Auf dem Weg der Besserung

Der Verletzte wurde von seinem Kollegen mit einem Taxi ins Spital Interlaken gebracht. Dort wurde er operiert und erholt sich nun von der Messerattacke. «Es geht mir besser», sagt der Patient, der auch ein mehrfacher Kranzschwinger ist und einst für die SVP als Grossrat und Gemeinderat kandidierte. Er konzentriere sich jetzt vor allem darauf, körperlich gesund zu werden. Seelisch lasse sich der Vorfall für ihn und für seine Familie «nicht so leicht verarbeiten».

Viel mehr wolle er zu dem Vorfall nicht mehr sagen. Er erklärt dann aber doch, dass er oft vor der Arbeit im Restaurant Waldrand sei, weil dieses bereits ab 6 Uhr offen habe. «Das Restaurant selber hat keinen schlechten Ruf, und in der Bar hinten war ich noch nie», sagt Karl Zingrich.

Mutmasslicher Täter in Haft

Noch in derselben Nacht wurden die beiden Angreifer verhaftet. Es handelt sich gemäss Blick um zwei Brüder aus Kosovo. Der 33-jährige Jeton R. wohnt in Därligen, sein Bruder Rasim ist 31-jährig. Die beiden scheinen keine Unbekannten zu sein. Ein Augenzeuge, der den Vorfall am Montagabend gesehen hat, erklärt gegenüber dieser Zeitung: «Sie sind der Polizei mindestens seit zehn Jahren bekannt und waren bestimmt schon mal im Gefängnis. Beide sind charakterlos, sehr aggressiv und unberechenbar.» Der Augenzeuge, der nicht mit Namen genannt werden möchte, kennt auch das Opfer. Diesen Mann beschreibt er als «äusserst friedliebend».

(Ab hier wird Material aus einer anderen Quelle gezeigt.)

Lemma sum_prod_forms_prodpoly (I : finType) (P : pred I) (F : I -> seq W)
    (slot : I -> nat) (N : nat) :
  {in P &, injective slot} ->
  (forall a, P a -> (size (F a) <= slot a)%N /\ (0 < slot a <= N)%N) ->
  exists u, forall x,
    \sum_(a | P a) \prod_(v <- F a) affine_form v x = prodpoly N u x.
Proof.
move=> slot_inj slot_range.
pose pad l j := if (j <= size l)%N then nth 0 l j.-1 else const_form 1.
have prod_pad l i x : (size l <= i)%N ->
    \prod_(1 <= j < i.+1) affine_form (pad l j) x = \prod_(v <- l) affine_form v x.
  move=> li; rewrite (big_cat_nat _ (n := (size l).+1)) //=.
  rewrite [X in _ * X]big_nat [X in _ * X]big1 ?mulr1; last first.
    by move=> j /andP[jl _]; rewrite /pad leqNgt jl affine_form_const.
  rewrite big_add1 /= [RHS](big_nth 0); apply: eq_big_nat => j /andP[_ jl].
  by rewrite /pad jl.
pose u i j := if [pick a | P a & slot a == i] is Some a then pad (F a) j else 0.
exists u => x; pose G a := \prod_(v <- F a) affine_form v x.
transitivity (\sum_(a | P a) \sum_(1 <= i < N.+1) (if slot a == i then G a else 0)).
  apply: eq_bigr => a Pa; have [_ /andP[a1 aN]] := slot_range a Pa.
  rewrite -big_mkcond /= (eq_bigl (fun i => i == slot a)) => [|i]; last by rewrite eq_sym.
  by rewrite big_nat1_eq a1 ltnS aN.
rewrite exchange_big /prodpoly; apply: eq_big_nat => i /andP[i1 _].
rewrite /u; case: pickP => [a0 /andP[Pa0 /eqP <-] | none].
  rewrite (bigD1 a0) //= eqxx big1 ?addr0.
    by rewrite prod_pad //; case: (slot_range a0 Pa0).
  move=> a /andP[Pa /negP na0]; case: eqP => // eq_slot.
  by case: na0; apply/eqP; apply: slot_inj.
rewrite big1 => [|a Pa]; last by move: (none a); rewrite /= Pa /= => ->.
by rewrite big_ltn // -/(affine_form 0 x) affine_form0 mul0r.
Qed.

Lemma affine_poly_prodpoly g : affine_poly g ->
  exists2 N, (0 < N)%N & exists u, g =1 prodpoly N u.
Proof.
move=> [s Hs]; pose L := \max_(l <- s) size l.
pose slot (i : 'I_(size s)) := (L + i.+1)%N.
have slot_inj : {in predT &, injective slot}.
  by move=> i j _ _ /eqP; rewrite eqn_add2l eqSS => /eqP /val_inj.
have slot_range (i : 'I_(size s)) : predT i ->
    (size (nth [::] s i) <= slot i)%N /\ (0 < slot i <= (L + size s).+1)%N.
  have sizeL : (size (nth [::] s i) <= L)%N.
    by rewrite (leq_bigmax_seq (F := size)) ?mem_nth.
  by move=> _; have := ltn_ord i; rewrite /slot; lia.
have [u Hu] := sum_prod_forms_prodpoly slot_inj slot_range.
exists (L + size s).+1 => //; exists u => x.
by rewrite Hs -Hu /sum_prod_forms (big_nth [::]) big_mkord.
Qed.
End AffinePoly.
(* Let $\mathbf{A}$ be a filtered quantization of $A$ and $S=S(\mathbf{A})$ the set of nondegenerate short star-products on $A$ corresponding to $\mathbf{A}$. Then there is a map $\pi:S\to\mathrm{Aut}(\mathbf{A})$ to the group of filtration-preserving $s$-invariant automorphisms of $\mathbf{A}$ (sending a star-product to its twisting automorphism $g$) whose fiber $\pi^{-1}(g)$ is a subset of the dual space $(HH_0(\mathbf{A},\mathbf{A}g)^s)^*$ of the $s$-invariants in $HH_0(\mathbf{A},\mathbf{A}g)$.
   Context: $A=\bigoplus_{d\ge0}A_d$ commutative graded, $A_0=\mathbb{C}$, $\dim A_d<\infty$, Poisson bracket of degree $-2$; $s=(-1)^d$. Filtered quantization: filtered algebra with $\mathrm{gr}\,\mathbf{A}\cong A$, filtration-preserving involution $s$ with associated graded $(-1)^d$. A star-product $a*b=\sum_kC_k(a,b)$ ($C_k$ of degree $-2k$, $C_0$ = product, $C_1(a,b)-C_1(b,a)=\{a,b\}$) corresponds to $\mathbf{A}$ if $(A,* )$ is identified with $\mathbf{A}$ via a quantization map ($s$-equivariant, filtration-preserving linear iso with $\mathrm{gr}=\mathrm{id}$). Short: $C_k(a,b)=0$ for $k>\min(\deg a,\deg b)$; nondegenerate: $\mathrm{CT}(a*b)$ nondegenerate on each $A_i$. For such a star-product the functional $T=\mathrm{CT}$ on $\mathbf{A}$ satisfies $T(\mathbf{a}\mathbf{b})=T(\mathbf{b}g(\mathbf{a}))$ for a unique filtration-preserving automorphism $g$ commuting with $s$ (the twisting automorphism). $\mathbf{A}g$ is $\mathbf{A}$ with right action twisted by $g$; $HH_0(\mathbf{A},\mathbf{A}g)=\mathbf{A}/\mathrm{span}\{\mathbf{a}\mathbf{b}-\mathbf{b}g(\mathbf{a})\}$. *)

(* Base field: C := R[i] for R : realType (a model of the
   complex numbers; every realType is isomorphic to the reals). *)
From mathcomp Require Import all_boot all_order all_algebra.
From mathcomp Require Import reals.
From mathcomp Require Export complex.

Set Implicit Arguments.
Unset Strict Implicit.
Unset Printing Implicit Defensive.

Import Order.TTheory GRing.Theory Num.Theory.
Local Open Scope ring_scope.

Section Defs.
Variable R : realType.
Local Notation C := (R[i]).
(* Let $K$ be a compact metric space, let $\varepsilon_1>0$ and $0<\delta<\varepsilon_1/34$, and let $(f_n)$ be a sequence in $C(K)$ (real or complex valued) with $\|f_n\|_\infty=1$. Put $A_n=\{k\in K: f_n^+(k)>\varepsilon_1-\delta\}$ and $B_n=\{k\in K:|f_n(k)|<\delta\}$. Suppose that for every $N$ and every partition $\{1,\dots,N\}=I\cup J$ into disjoint sets, $\bigcap_{n\in I}A_n\cap\bigcap_{n\in J}B_n\neq\emptyset$. Then for every $N$ and all scalars $a_1,\dots,a_N$, $$\Big\|\sum_{j=1}^N a_jf_j\Big\|_\infty\ge\frac{\varepsilon_1}{16}\sum_{j=1}^N|a_j| ,$$ i.e. $(f_n)$ is $\frac{16}{\varepsilon_1}$-equivalent to the unit vector basis of $\ell_1$.
   Context: For real valued $f\in C(K)$, $f^+=\max(f,0)$; for complex valued $f\in C(K)$, $f^+=\min\big((\operatorname{Re}f)^+,(\operatorname{Im}f)^+\big)$. In the real case the scalars $a_j$ are real, in the complex case complex. *)

From HB Require Import structures.
From mathcomp Require Import all_boot all_order all_algebra.
From mathcomp Require Import all_classical all_reals all_analysis.
From mathcomp Require Import complex.
Import Order.TTheory GRing.Theory Num.Theory.
Import numFieldNormedType.Exports.
Set Implicit Arguments. Unset Strict Implicit. Unset Printing Implicit Defensive.
Local Open Scope classical_set_scope.
Local Open Scope ring_scope.

Definition supnorm (R : realType) (C : Type) (nrm : C -> R) (K : Type)
  (f : K -> C) : R := sup [set nrm (f k) | k in [set: K]].

Definition posR (R : realType) (x : R) : R := Num.max x 0.

Definition posC (R : realType) (z : R[i]) : R :=
  Num.min (Num.max (complex.Re z) 0) (Num.max (complex.Im z) 0).

Definition cmod (R : realType) (z : R[i]) : R := Normc.normc z.

(* The claim of the theorem, for a compact metric space K and scalar field C
   (with modulus nrm and positive part pos).  Indices n are 0-based:
   f n, n < N, plays the role of f_{n+1}. *)
Definition ell1_claim (R : realType) (C : numFieldType) (nrm : C -> R)
  (pos : C -> R) (K : metricType R) : Prop :=
  compact [set: K] ->
  forall (eps1 delta : R) (f : nat -> K -> C),
    0 < eps1 -> 0 < delta -> delta < eps1 / 34 ->
    (forall n, continuous (f n)) ->
    (forall n, supnorm nrm (f n) = 1) ->
    (* A_n = [set k | eps1 - delta < pos (f n k)], B_n = [set k | nrm (f n k) < delta];
       for every N and every partition {0..N-1} = I u J (J = complement of I),
       the intersection of the A_n (n in I) and B_n (n in J) is nonempty *)
    (forall (N : nat) (I : {set 'I_N}), exists k : K,
        forall i : 'I_N,
          (i \in I -> eps1 - delta < pos (f i k)) /\
          (i \notin I -> nrm (f i k) < delta)) ->
    forall (N : nat) (a : 'I_N -> C),
      eps1 / 16 * (\sum_(j < N) nrm (a j))
        <= supnorm nrm (fun k => \sum_(j < N) a j * f j k).

From HB Require Import structures.
From mathcomp Require Import all_boot all_order all_algebra.
From mathcomp Require Import all_classical all_reals all_analysis.
From mathcomp Require Import complex.
From mathcomp Require Import lra.
Import Order.TTheory GRing.Theory Num.Theory.
Import numFieldNormedType.Exports.
Set Implicit Arguments.
Unset Strict Implicit.
Unset Printing Implicit Defensive.
Local Open Scope ring_scope.
Local Open Scope classical_set_scope.

(** Each scalar [a_j] can be rotated by a unimodular [r] (a power of [-1],
    resp. of [i]) into a closed "quadrant" (the half-line [[0, oo)], resp.
    the first quadrant), on which a real-linear functional [L] bounded by the
    modulus (the identity, resp. the imaginary part) satisfies
    [L (a z) >= c |a|_1] whenever [f^+(z) > c].  Sorting the indices by the
    rotation they need, one class [I] carries at least a quarter of the total
    weight [W = sum_j |a_j|_1].  At a point [k] of the intersection of the
    [A_n], [n in I], and the [B_n], [n notin I], the functional [L] applied
    to [r * sum_j a_j f_j(k)] is at least
    [(eps1 - delta) W/4 - delta W >= eps1 W / 16] since [delta < eps1 / 34]. *)

Lemma ler_supnorm (R : realType) (C : Type) (nrm : C -> R) (K : Type)
    (g : K -> C) (M : R) (k : K) :
  (forall x, nrm (g x) <= M) -> nrm (g k) <= supnorm nrm g.
Proof.
move=> gM; apply: sup_upper_bound; last by exists k.
split; first by exists (nrm (g k)), k.
by exists M => _ [x _ <-].
Qed.

(* [sup] of a set without supremum is [0], so [supnorm g = 1] forces [g] to be bounded. *)
Lemma supnorm1_le1 (R : realType) (C : Type) (nrm : C -> R) (K : Type)
    (g : K -> C) :
  supnorm nrm g = 1 -> forall k, nrm (g k) <= 1.
Proof.
move=> g1 k; have [hs|hs] := pselect (has_sup [set nrm (g x) | x in [set: K]]).
  by rewrite -g1; apply: sup_upper_bound => //; exists k.
by move: g1; rewrite /supnorm sup_out // => /eqP; rewrite eq_sym oner_eq0.
Qed.

Lemma exists_ge_mean (R : realFieldType) (n : nat) (F : 'I_n.+1 -> R) :
  exists i, (\sum_(j < n.+1) F j) / n.+1%:R <= F i.
Proof.
apply/not_existsP => below.
have lt_mean i : F i < (\sum_(j < n.+1) F j) / n.+1%:R.
  by rewrite ltNge; apply/negP/below.
have nonempty : has xpredT (index_enum 'I_n.+1).
  by apply/hasP; exists ord0; rewrite ?mem_index_enum.
have := ltr_sum nonempty (fun i _ => lt_mean i).
by rewrite sumr_const card_ord -[_ *+ n.+1]mulr_natr divfK ?pnatr_eq0 // ltxx.
Qed.

Lemma ell1_arith (R : realFieldType) (eps1 delta s t : R) :
  0 < eps1 -> delta < eps1 / 34 -> 0 <= t -> (s + t) / 4 <= s ->
  eps1 / 16 * (s + t) <= (eps1 - delta) * s - delta * t.
Proof.
move=> e1 de t0 quarter.
have st0 : 0 <= s + t by lra.
have : 0 <= (s + t) * (3 * eps1 / 16 - delta) by apply: mulr_ge0; lra.
have : 0 <= eps1 * (s - (s + t) / 4) by apply: mulr_ge0; lra.
nra.
Qed.

Section QuadrantRotation.

Variables (R : realType) (C : numFieldType) (nrm pos L w : C -> R).
Variables (rot : 'I_4 -> C) (quadrant : pred C).

Hypotheses (L0 : L 0 = 0) (LD : forall x y, L (x + y) = L x + L y)
  (ler_L_nrm : forall x, L x <= nrm x).
Hypotheses (nrm0 : nrm 0 = 0) (nrmN : forall x, nrm (- x) = nrm x)
  (ler_nrmD : forall x y, nrm (x + y) <= nrm x + nrm y)
  (nrmM : forall x y, nrm (x * y) = nrm x * nrm y).
Hypotheses (nrm_rot : forall m, nrm (rot m) = 1)
  (ler_nrm_w : forall x, nrm x <= w x) (w_rot : forall m x, w (rot m * x) = w x).
Hypotheses (exists_rot_quadrant : forall x, exists m, quadrant (rot m * x))
  (ler_w_L_quadrant : forall c x z, 0 < c -> quadrant x -> c < pos z ->
     c * w x <= L (x * z)).

Lemma nrm_ge0 x : 0 <= nrm x.
Proof. by have := ler_nrmD x (- x); rewrite subrr nrm0 nrmN; lra. Qed.

Lemma w_ge0 x : 0 <= w x.
Proof. exact: le_trans (nrm_ge0 x) (ler_nrm_w x). Qed.

Lemma ler_nrm_sum I (r : seq I) (P : pred I) (F : I -> C) :
  nrm (\sum_(i <- r | P i) F i) <= \sum_(i <- r | P i) nrm (F i).
Proof.
elim/big_rec2: _ => [|i y s _ ys]; first by rewrite nrm0.
exact: le_trans (ler_nrmD _ _) (lerD (lexx _) ys).
Qed.

Lemma L_sum I (r : seq I) (P : pred I) (F : I -> C) :
  L (\sum_(i <- r | P i) F i) = \sum_(i <- r | P i) L (F i).
Proof. exact: big_morph. Qed.

Lemma lerN_nrm_L x : - nrm x <= L x.
Proof.
have := LD x (- x); rewrite subrr L0.
by have := ler_L_nrm (- x); rewrite nrmN; lra.
Qed.

Definition quadrant_rot x : 'I_4 := odflt ord0 [pick m | quadrant (rot m * x)].

Lemma quadrant_rotP x : quadrant (rot (quadrant_rot x) * x).
Proof.
rewrite /quadrant_rot; case: pickP => //= none.
by have [m] := exists_rot_quadrant x; rewrite none.
Qed.

Lemma ler_L_rot_sum N (a F : 'I_N -> C) (m : 'I_4) (I : {set 'I_N}) (c d : R) :
    0 < c ->
    (forall j, j \in I -> quadrant (rot m * a j) /\ c < pos (F j)) ->
    (forall j, j \notin I -> nrm (F j) < d) ->
  c * \sum_(j in I) w (a j) - d * \sum_(j | j \notin I) w (a j)
    <= L (rot m * \sum_(j < N) a j * F j).
Proof.
move=> c0 inI notinI.
rewrite [rot m * _]mulr_sumr L_sum [X in _ <= X](bigID (mem I)) /=; apply: lerD.
  rewrite mulr_sumr; apply: ler_sum => j jI; have [qj cj] := inI j jI.
  by rewrite mulrA -(w_rot m); exact: ler_w_L_quadrant.
rewrite mulr_sumr -sumrN; apply: ler_sum => j jI.
apply: le_trans (lerN_nrm_L _); rewrite lerN2 !nrmM nrm_rot mul1r mulrC.
by apply: ler_pM; rewrite ?nrm_ge0 ?ler_nrm_w ?ltW ?notinI.
Qed.

Lemma ell1_claim_quadrant (K : metricType R) : ell1_claim nrm pos K.
Proof.
move=> _ eps1 delta f e1 _ de _ f1 hyp N a.
pose I m := [set j | quadrant_rot (a j) == m]%SET.
pose W := \sum_(j < N) w (a j).
have W_part : W = \sum_(m < 4) \sum_(j in I m) w (a j).
  rewrite /W (partition_big (fun j => quadrant_rot (a j)) xpredT) //=.
  by apply: eq_bigr => m _; apply: eq_bigl => j; rewrite inE.
have [m heavy] := @exists_ge_mean R 3 (fun m => \sum_(j in I m) w (a j)).
rewrite /= -W_part in heavy.
have [k hk] := hyp N (I m).
pose g x := \sum_(j < N) a j * f j x.
have g_bound x : nrm (g x) <= \sum_(j < N) nrm (a j).
  apply: le_trans (ler_nrm_sum _ _ _) _; apply: ler_sum => j _.
  by rewrite nrmM; apply: ler_piMr; [exact: nrm_ge0 | exact: (supnorm1_le1 (f1 j) x)].
have lower : (eps1 - delta) * \sum_(j in I m) w (a j)
    - delta * \sum_(j | j \notin I m) w (a j) <= L (rot m * g k).
  apply: ler_L_rot_sum => [|j jI|j jI]; first lra.
    split; last by case: (hk j) => + _; apply.
    by move: jI; rewrite inE => /eqP <-; exact: quadrant_rotP.
  by case: (hk j) => _; apply.
apply: (@le_trans _ _ (eps1 / 16 * W)).
  by rewrite ler_wpM2l ?ler_sum ?ler_nrm_w //; lra.
have rest_ge0 : 0 <= \sum_(j | j \notin I m) w (a j) by rewrite sumr_ge0 // => j _; apply: w_ge0.
rewrite /W (bigID (mem (I m))) /= in heavy *.
apply: le_trans (ell1_arith e1 de rest_ge0 heavy) (le_trans lower _).
apply: le_trans (ler_L_nrm _) _.
by rewrite nrmM nrm_rot mul1r (ler_supnorm _ g_bound).
Qed.

End QuadrantRotation.

Lemma ell1_claim_real (R : realType) (K : metricType R) :
  ell1_claim (C := R) (@Num.norm R R) (@posR R) K.
Proof.
apply: (@ell1_claim_quadrant R R _ _ id (@Num.norm R R) (fun m : 'I_4 => (-1) ^+ m)
  (fun x => 0 <= x)) => //.
- exact: ler_norm.
- exact: normr0.
- exact: normrN.
- exact: ler_normD.
- exact: normrM.
- by move=> m; rewrite normr_sign.
- by move=> m x; rewrite normrMsign.
- move=> x; have [x0|x0] := lerP 0 x; first by exists ord0; rewrite mul1r.
  by exists (lift ord0 ord0); rewrite /= expr1 mulN1r oppr_ge0 ltW.
- move=> c x z c0 x0; rewrite /posR lt_max (ltNge c 0) (ltW c0) orbF => cz /=.
  by rewrite ger0_norm // mulrC ler_wpM2l // ltW.
Qed.

Definition l1normc (R : realType) (x : R[i]) : R :=
  `|complex.Re x| + `|complex.Im x|.

Lemma mulic (R : realType) (p q : R) :
  ('i * (p +i* q) = (- q) +i* p :> R[i])%C.
Proof. by rewrite [LHS]/GRing.mul /= !mul0r !mul1r sub0r add0r. Qed.

Lemma cmodXi (R : realType) (m : nat) : cmod ('i%C ^+ m : R[i]) = 1.
Proof.
rewrite /cmod; elim: m => [|m IHm]; first by rewrite expr0 Normc.normc1.
rewrite exprS Normc.normcM IHm mulr1.
by rewrite /Normc.normc /= expr0n /= add0r expr1n sqrtr1.
Qed.

Lemma l1normc_mulil (R : realType) (x : R[i]) : l1normc ('i%C * x) = l1normc x.
Proof. by case: x => p q; rewrite mulic /l1normc /= normrN addrC. Qed.

Lemma l1normcXi (R : realType) (m : nat) (x : R[i]) :
  l1normc ('i%C ^+ m * x) = l1normc x.
Proof.
elim: m => [|m IHm]; first by rewrite expr0 mul1r.
by rewrite exprS -mulrA l1normc_mulil IHm.
Qed.

Lemma ler_cmod_l1normc (R : realType) (x : R[i]) : cmod x <= l1normc x.
Proof.
case: x => p q; rewrite /cmod /l1normc /= -[X in _ <= X]ger0_norm ?addr_ge0 //.
rewrite -sqrtr_sqr; apply: ler_wsqrtr; rewrite sqrrD !real_normK ?num_real //.
have : 0 <= `|p| * `|q| *+ 2 by rewrite mulrn_wge0 // mulr_ge0.
lra.
Qed.

Lemma ell1_claim_complex (R : realType) (K : metricType R) :
  ell1_claim (C := R[i]) (@cmod R) (@posC R) K.
Proof.
apply: (@ell1_claim_quadrant R R[i] _ _ (@complex.Im R) (@l1normc R)
  (fun m : 'I_4 => 'i%C ^+ m)
  (fun x => (0 <= complex.Re x) && (0 <= complex.Im x))) => //.
- by case=> ? ? [? ?].
- case=> p q; rewrite /cmod /=; apply: le_trans (ler_norm q) _.
  rewrite -sqrtr_sqr; apply: ler_wsqrtr; rewrite lerDr; exact: sqr_ge0.
- exact: Normc.normc0.
- exact: normcN.
- exact: le_normcD.
- exact: Normc.normcM.
- by move=> m; rewrite cmodXi.
- exact: ler_cmod_l1normc.
- by move=> m x; rewrite l1normcXi.
- case=> p q; have [p0|p0] := lerP 0 p; have [q0|q0] := lerP 0 q.
  + by exists (@Ordinal 4 0 isT); rewrite expr0 mul1r /= p0 q0.
  + by exists (@Ordinal 4 1 isT); rewrite expr1 mulic /= oppr_ge0 p0 ltW.
  + by exists (@Ordinal 4 3 isT); rewrite exprS sqr_i mulrN1 mulNr mulic /= opprK oppr_ge0 q0 ltW.
  + by exists (@Ordinal 4 2 isT); rewrite sqr_i mulN1r /= !oppr_ge0 !ltW.
- move=> c [p q] [u v] c0 /andP[/= p0 q0]; rewrite /posC /= lt_min !lt_max.
  rewrite (ltNge c 0) (ltW c0) !orbF => /andP[cu cv].
  by rewrite /l1normc /= !ger0_norm //; nra.
Qed.

Theorem mainTheorem12 (R : realType) (K : metricType R) :
  ell1_claim (C := R) (@Num.norm R R) (@posR R) K /\
  ell1_claim (C := R[i]) (@cmod R) (@posC R) K.
Proof. by split; [exact: ell1_claim_real | exact: ell1_claim_complex]. Qed.
Lemma closure_size_arith (R : realFieldType) (m a t d lam delta : R) :
  0 < delta < 1 -> 0 < d -> lam < delta * d -> 0 <= a <= t ->
  (d - lam) * t <= m -> m / ((1 - delta) * d) < a -> False.
Proof.
move=> /andP[delta_gt0 delta_lt1] d_gt0 lam_lt /andP[a_ge0 a_le_t] small.
have q_gt0 : 0 < (1 - delta) * d by rewrite mulr_gt0 // subr_gt0.
have a_q : a * ((1 - delta) * d) <= t * ((1 - delta) * d).
  by apply: ler_wpM2r; [exact: ltW | exact: a_le_t].
have t_q : t * ((1 - delta) * d) <= t * (d - lam).
  by apply: ler_wpM2l; [exact: le_trans a_le_t | lra].
by rewrite ltr_pdivrMr //; lra.
Qed.

Theorem lemma7 (R : rcfType) (n d r : nat) (lam delta : R) (e : rel 'I_n)
  (hdelta0 : 0 < delta) (hdelta1 : delta < 1) (hr : (2 <= r)%N)
  (hG : ndl_graph d lam e) (hlam : lam < delta * d%:R)
  (A0 : {set 'I_n})
  (hA : (r.-1)%:R * n%:R / ((1 - delta) * d%:R) < #|A0|%:R) :
  contagious e r A0.
Proof.
have [[e_sym _] e_reg [s [e_spec s_small]]] := hG.
set S := bp_closure e r A0.
have d_ge0 := ler0n R d.
have A0_gt0 : (0 < #|A0|)%N.
  rewrite -(ltr0n R); apply: le_lt_trans hA.
  by rewrite divr_ge0 ?mulr_ge0 // subr_ge0 ltW.
move=> v; exists n; apply: contraT => vS.
have B_gt0 : (0 < #|~: S|)%N by rewrite card_gt0; apply/set0Pn; exists v; rewrite inE.
have A0_S : (#|A0| <= #|S|)%N by apply/subset_leq_card/bp_closure_sub.
have n_gt1 : (1 < n)%N.
  by rewrite -[n]card_ord -(cardsC S); exact: leq_add (leq_trans A0_gt0 A0_S) B_gt0.
have d_gt0 : 0 < d%:R :> R.
  rewrite lt_def d_ge0 andbT; apply: contraTneq hlam => ->.
  by rewrite mulr0 -leNgt (spectral_bound_ge0 s_small n_gt1).
have lam_d : lam < d%:R by apply: lt_le_trans hlam _; rewrite ger_pMl // ltW.
have small := closed_set_small e_sym e_reg e_spec s_small lam_d (ltnW n_gt1) B_gt0
  (@bp_closure_closed n e r A0).
exfalso; apply: (closure_size_arith _ d_gt0 hlam _ small hA).
  by rewrite hdelta0.
by rewrite ler0n ler_nat.
Qed.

Am Donnerstag teilte die Polizei mit: «Nach dem Messerangriff auf einen Gast vor einem Restaurant in Interlaken vom Montagabend ist einer der beiden Inhaftierten freigelassen worden. Der mutmassliche Täter bleibt jedoch in Haft.» Die mutmassliche Tatwaffe habe sichergestellt werden können. Der ältere der Brüder wurde inzwischen aus der Haft entlassen. «Es ist davon auszugehen, dass er das Opfer nicht verletzt hat», erklärt die Polizei. Der mutmassliche Täter ist nicht geständig. Gegen ihn wurde beim Zwangsmassnahmengericht ein Antrag auf Anordnung von Untersuchungshaft gestellt. «Auch ist das Motiv der Tat nach wie vor unklar», informiert die Polizei.

«Es tut uns sehr leid»

Schockiert über die Tat ist nicht nur die Familie des Opfers, sondern auch diejenige der Täter. Ein Familienmitglied sagt gegenüber dieser Zeitung: «Es tut uns sehr, sehr leid, was passiert ist.» Es sei Alkohol im Spiel gewesen, doch das rechtfertige diese brutale Aktion in keiner Art und Weise. «Wir leiden unter dieser Tat», sagt die Angehörige. Die Familie erhalte viele Drohanrufe und werde beschimpft. «Wir sind nicht alle so gewalttätig und schlecht. Das sind einzelne Familienmitglieder, die nicht nur mit dem Alkohol Probleme haben, sondern auch mit der Psyche. Das, was sie getan haben, ist schrecklich und unentschuldbar», sagt die Verwandte.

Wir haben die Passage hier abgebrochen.